Start of Task data

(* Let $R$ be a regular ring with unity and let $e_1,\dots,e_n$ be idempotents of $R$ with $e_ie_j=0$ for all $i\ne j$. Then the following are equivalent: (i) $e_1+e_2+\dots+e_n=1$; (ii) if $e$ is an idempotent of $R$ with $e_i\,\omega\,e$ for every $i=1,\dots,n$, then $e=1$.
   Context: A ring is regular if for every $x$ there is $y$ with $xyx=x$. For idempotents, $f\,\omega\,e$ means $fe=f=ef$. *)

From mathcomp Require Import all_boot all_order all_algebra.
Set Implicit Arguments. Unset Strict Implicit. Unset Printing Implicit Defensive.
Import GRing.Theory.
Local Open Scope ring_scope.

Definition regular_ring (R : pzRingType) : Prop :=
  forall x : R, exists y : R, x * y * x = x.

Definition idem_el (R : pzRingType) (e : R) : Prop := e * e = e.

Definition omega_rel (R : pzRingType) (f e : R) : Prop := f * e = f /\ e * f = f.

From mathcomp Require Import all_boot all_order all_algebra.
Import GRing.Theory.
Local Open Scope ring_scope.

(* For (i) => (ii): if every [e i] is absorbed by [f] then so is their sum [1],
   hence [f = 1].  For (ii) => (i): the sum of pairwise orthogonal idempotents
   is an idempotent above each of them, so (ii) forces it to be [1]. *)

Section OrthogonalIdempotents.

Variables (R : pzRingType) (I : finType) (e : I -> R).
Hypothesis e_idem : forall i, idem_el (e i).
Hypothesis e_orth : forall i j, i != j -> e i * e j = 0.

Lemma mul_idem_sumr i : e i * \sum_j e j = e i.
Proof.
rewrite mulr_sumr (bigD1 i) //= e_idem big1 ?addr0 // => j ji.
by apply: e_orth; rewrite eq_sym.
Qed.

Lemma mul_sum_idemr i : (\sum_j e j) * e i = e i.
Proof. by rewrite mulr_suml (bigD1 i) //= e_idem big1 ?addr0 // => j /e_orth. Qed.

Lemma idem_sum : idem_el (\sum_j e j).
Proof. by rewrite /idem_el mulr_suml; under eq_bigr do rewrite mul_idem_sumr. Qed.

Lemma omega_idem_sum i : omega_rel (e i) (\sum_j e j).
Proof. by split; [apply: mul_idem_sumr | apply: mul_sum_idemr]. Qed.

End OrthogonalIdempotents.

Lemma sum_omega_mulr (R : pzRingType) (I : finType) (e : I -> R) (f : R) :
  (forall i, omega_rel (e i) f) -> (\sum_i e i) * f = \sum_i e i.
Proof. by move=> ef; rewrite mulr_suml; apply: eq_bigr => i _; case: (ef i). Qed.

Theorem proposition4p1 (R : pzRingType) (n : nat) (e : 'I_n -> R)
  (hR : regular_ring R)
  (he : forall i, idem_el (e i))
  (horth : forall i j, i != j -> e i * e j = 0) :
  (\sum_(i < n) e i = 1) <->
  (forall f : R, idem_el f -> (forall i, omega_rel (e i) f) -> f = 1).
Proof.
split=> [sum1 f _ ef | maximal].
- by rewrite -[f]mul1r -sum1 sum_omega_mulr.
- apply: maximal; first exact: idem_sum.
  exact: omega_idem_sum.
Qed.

End of Task data
Start of Task data

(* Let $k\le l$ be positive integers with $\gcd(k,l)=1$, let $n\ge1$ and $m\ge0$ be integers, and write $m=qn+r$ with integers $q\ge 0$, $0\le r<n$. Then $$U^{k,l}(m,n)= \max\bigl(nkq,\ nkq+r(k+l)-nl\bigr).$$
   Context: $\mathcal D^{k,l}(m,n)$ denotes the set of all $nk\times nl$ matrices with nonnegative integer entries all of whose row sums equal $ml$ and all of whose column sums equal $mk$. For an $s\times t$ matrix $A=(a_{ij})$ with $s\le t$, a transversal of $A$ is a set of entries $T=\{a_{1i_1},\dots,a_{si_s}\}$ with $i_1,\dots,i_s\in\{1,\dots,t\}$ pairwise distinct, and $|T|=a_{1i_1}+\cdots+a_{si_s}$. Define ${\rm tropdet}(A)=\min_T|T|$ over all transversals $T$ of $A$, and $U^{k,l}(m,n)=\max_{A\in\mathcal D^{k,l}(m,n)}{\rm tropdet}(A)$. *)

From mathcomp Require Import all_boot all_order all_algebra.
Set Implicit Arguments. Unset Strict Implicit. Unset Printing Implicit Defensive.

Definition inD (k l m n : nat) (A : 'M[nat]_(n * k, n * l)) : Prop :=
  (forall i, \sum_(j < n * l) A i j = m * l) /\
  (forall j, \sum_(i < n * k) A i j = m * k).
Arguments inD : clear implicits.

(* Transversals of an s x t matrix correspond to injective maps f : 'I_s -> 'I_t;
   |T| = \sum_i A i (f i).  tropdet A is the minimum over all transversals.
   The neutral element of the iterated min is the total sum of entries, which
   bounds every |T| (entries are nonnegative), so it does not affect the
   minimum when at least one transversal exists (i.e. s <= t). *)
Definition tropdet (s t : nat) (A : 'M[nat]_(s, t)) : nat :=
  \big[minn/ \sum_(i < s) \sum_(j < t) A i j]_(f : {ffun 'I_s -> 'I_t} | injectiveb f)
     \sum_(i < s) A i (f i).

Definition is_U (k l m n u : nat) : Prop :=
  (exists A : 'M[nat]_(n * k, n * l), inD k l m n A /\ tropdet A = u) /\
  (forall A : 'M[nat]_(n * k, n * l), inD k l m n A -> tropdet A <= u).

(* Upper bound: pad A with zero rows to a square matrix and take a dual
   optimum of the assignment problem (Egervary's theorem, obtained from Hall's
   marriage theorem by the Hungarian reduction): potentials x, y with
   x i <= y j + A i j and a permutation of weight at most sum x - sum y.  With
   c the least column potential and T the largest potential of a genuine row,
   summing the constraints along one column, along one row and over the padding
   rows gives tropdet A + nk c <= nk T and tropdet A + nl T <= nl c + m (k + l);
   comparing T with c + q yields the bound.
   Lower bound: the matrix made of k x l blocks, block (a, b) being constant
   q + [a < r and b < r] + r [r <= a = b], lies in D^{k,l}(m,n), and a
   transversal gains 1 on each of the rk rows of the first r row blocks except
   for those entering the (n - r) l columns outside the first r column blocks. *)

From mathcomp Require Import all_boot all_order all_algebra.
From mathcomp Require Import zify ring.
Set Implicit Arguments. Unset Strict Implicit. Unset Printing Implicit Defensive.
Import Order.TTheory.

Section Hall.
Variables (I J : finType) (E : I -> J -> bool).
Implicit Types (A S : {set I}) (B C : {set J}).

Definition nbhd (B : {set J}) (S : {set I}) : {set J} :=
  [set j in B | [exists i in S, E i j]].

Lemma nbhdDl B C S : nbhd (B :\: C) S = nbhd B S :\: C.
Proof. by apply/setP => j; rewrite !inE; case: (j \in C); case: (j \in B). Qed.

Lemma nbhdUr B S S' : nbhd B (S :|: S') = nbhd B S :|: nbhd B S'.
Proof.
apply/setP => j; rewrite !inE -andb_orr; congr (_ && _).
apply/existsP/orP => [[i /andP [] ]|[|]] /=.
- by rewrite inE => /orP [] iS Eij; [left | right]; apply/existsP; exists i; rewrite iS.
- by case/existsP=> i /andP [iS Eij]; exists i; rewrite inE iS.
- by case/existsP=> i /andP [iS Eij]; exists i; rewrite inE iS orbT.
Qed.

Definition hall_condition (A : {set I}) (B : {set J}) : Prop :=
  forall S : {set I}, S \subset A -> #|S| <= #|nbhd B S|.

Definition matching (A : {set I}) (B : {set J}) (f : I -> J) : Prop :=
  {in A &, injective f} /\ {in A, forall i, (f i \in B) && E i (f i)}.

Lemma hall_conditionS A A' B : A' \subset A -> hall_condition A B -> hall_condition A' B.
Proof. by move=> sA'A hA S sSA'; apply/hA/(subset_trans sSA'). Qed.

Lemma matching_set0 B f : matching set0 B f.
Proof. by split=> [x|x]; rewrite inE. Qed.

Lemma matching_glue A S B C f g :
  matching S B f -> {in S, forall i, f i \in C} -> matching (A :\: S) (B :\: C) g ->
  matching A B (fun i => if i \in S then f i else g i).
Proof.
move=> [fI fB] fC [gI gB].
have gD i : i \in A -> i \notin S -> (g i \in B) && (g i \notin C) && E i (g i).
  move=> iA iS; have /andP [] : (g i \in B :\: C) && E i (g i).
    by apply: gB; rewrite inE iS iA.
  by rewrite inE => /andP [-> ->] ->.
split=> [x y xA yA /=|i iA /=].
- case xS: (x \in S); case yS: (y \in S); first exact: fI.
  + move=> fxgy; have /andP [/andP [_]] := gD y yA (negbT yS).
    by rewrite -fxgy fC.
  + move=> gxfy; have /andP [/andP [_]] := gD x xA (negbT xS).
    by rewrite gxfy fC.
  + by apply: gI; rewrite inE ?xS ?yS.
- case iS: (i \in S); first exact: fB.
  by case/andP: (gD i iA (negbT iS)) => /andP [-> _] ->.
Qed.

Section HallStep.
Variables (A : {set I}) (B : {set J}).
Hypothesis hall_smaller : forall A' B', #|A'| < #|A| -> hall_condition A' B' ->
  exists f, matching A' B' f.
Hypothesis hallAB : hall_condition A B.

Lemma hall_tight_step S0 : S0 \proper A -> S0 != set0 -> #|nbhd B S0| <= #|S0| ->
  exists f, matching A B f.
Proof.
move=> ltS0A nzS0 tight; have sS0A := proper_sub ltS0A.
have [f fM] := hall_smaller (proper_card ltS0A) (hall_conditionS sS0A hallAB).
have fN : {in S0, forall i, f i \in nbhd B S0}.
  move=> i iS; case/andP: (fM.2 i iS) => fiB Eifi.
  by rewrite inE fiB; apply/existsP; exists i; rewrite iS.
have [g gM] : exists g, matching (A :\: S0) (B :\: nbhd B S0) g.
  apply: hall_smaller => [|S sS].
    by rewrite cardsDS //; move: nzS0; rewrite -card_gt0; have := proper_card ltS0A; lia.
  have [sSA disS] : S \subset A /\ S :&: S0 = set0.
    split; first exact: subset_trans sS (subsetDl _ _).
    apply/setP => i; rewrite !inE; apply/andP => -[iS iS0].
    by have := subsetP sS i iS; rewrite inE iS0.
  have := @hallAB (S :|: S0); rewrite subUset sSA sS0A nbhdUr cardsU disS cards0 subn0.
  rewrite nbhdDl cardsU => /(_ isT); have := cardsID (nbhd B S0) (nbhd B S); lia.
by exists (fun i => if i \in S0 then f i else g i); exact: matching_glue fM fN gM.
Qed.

End of Task data

What you will do
What do the lines above say from the one containing "Lower bound: the" down to the one containing "apply/existsP/orP => [[i /andP [] ]|[|]] /=."? Return them exactly, both end lines included, and only them.

Reply to the task
   Lower bound: the matrix made of k x l blocks, block (a, b) being constant
   q + [a < r and b < r] + r [r <= a = b], lies in D^{k,l}(m,n), and a
   transversal gains 1 on each of the rk rows of the first r row blocks except
   for those entering the (n - r) l columns outside the first r column blocks. *)

From mathcomp Require Import all_boot all_order all_algebra.
From mathcomp Require Import zify ring.
Set Implicit Arguments. Unset Strict Implicit. Unset Printing Implicit Defensive.
Import Order.TTheory.

Section Hall.
Variables (I J : finType) (E : I -> J -> bool).
Implicit Types (A S : {set I}) (B C : {set J}).

Definition nbhd (B : {set J}) (S : {set I}) : {set J} :=
  [set j in B | [exists i in S, E i j]].

Lemma nbhdDl B C S : nbhd (B :\: C) S = nbhd B S :\: C.
Proof. by apply/setP => j; rewrite !inE; case: (j \in C); case: (j \in B). Qed.

Lemma nbhdUr B S S' : nbhd B (S :|: S') = nbhd B S :|: nbhd B S'.
Proof.
apply/setP => j; rewrite !inE -andb_orr; congr (_ && _).
apply/existsP/orP => [[i /andP [] ]|[|]] /=.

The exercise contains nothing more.